» **What this task involves**
Nothing below is to be printed except the lines between the line holding "have e2 : feq" and the line holding "case: ifP => [_|ne2]; first exact: hz.", inclusive, each exactly as it appears.

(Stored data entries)
● ● ● ● ●

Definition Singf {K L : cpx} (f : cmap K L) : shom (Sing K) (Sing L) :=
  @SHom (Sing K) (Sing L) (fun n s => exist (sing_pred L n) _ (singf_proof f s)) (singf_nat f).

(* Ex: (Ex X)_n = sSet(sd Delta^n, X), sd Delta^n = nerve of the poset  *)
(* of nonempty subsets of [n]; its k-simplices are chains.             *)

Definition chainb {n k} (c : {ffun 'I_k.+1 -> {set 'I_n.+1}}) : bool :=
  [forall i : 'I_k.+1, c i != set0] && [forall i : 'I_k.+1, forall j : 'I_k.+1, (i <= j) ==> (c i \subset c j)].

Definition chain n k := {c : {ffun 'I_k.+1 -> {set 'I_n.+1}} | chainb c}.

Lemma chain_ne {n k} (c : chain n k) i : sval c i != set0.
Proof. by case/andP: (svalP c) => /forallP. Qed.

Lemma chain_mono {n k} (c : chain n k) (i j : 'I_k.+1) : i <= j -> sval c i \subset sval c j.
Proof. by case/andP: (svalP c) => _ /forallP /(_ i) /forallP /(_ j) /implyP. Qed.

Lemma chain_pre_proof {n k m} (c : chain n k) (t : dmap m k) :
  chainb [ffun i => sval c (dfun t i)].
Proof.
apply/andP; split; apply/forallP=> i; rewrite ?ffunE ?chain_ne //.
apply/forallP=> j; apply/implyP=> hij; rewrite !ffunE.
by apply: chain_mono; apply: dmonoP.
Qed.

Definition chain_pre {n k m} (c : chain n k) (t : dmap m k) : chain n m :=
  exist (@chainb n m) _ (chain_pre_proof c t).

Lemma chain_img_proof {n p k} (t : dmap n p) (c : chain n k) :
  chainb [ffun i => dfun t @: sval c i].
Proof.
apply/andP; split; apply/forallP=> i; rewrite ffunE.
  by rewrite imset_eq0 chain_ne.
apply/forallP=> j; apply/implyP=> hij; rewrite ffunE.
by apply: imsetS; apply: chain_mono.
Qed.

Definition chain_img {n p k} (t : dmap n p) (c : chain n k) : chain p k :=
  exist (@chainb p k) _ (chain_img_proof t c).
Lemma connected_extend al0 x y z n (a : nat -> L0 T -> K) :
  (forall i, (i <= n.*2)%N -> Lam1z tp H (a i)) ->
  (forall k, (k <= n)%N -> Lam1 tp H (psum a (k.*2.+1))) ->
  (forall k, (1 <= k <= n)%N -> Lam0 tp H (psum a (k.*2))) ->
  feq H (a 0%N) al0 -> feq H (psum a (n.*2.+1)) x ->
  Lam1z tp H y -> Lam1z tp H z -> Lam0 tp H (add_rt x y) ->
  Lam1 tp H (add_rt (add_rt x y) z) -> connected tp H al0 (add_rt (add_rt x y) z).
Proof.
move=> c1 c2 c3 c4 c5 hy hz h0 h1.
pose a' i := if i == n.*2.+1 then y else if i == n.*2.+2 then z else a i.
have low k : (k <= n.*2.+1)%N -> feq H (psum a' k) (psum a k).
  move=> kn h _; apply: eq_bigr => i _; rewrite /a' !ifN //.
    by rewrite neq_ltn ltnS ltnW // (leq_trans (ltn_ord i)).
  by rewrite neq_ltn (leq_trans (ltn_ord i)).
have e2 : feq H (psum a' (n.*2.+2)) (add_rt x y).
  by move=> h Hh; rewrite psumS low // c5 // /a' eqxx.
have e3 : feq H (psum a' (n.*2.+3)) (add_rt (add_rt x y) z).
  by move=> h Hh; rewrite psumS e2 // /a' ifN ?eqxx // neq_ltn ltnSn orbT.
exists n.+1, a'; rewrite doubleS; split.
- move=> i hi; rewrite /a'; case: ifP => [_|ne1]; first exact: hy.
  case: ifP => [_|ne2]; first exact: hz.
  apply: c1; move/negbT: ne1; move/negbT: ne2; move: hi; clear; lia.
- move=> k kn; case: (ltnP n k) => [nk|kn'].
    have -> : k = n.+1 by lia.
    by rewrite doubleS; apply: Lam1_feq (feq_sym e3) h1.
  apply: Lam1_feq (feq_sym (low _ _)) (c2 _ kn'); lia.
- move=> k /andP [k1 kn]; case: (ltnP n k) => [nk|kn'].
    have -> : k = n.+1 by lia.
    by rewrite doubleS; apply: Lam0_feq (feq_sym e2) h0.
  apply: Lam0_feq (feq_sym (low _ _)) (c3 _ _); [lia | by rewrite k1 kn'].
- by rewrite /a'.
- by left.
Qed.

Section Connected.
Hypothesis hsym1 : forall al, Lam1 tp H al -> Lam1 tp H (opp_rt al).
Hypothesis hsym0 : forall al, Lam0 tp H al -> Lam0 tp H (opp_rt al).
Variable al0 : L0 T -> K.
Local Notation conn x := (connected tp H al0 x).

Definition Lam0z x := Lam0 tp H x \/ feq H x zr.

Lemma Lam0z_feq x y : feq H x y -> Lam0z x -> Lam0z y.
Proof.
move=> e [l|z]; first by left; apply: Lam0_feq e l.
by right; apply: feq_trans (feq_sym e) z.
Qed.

● ● ● ● ●

» **Result**
have e2 : feq H (psum a' (n.*2.+2)) (add_rt x y).
  by move=> h Hh; rewrite psumS low // c5 // /a' eqxx.
have e3 : feq H (psum a' (n.*2.+3)) (add_rt (add_rt x y) z).
  by move=> h Hh; rewrite psumS e2 // /a' ifN ?eqxx // neq_ltn ltnSn orbT.
exists n.+1, a'; rewrite doubleS; split.
- move=> i hi; rewrite /a'; case: ifP => [_|ne1]; first exact: hy.
  case: ifP => [_|ne2]; first exact: hz.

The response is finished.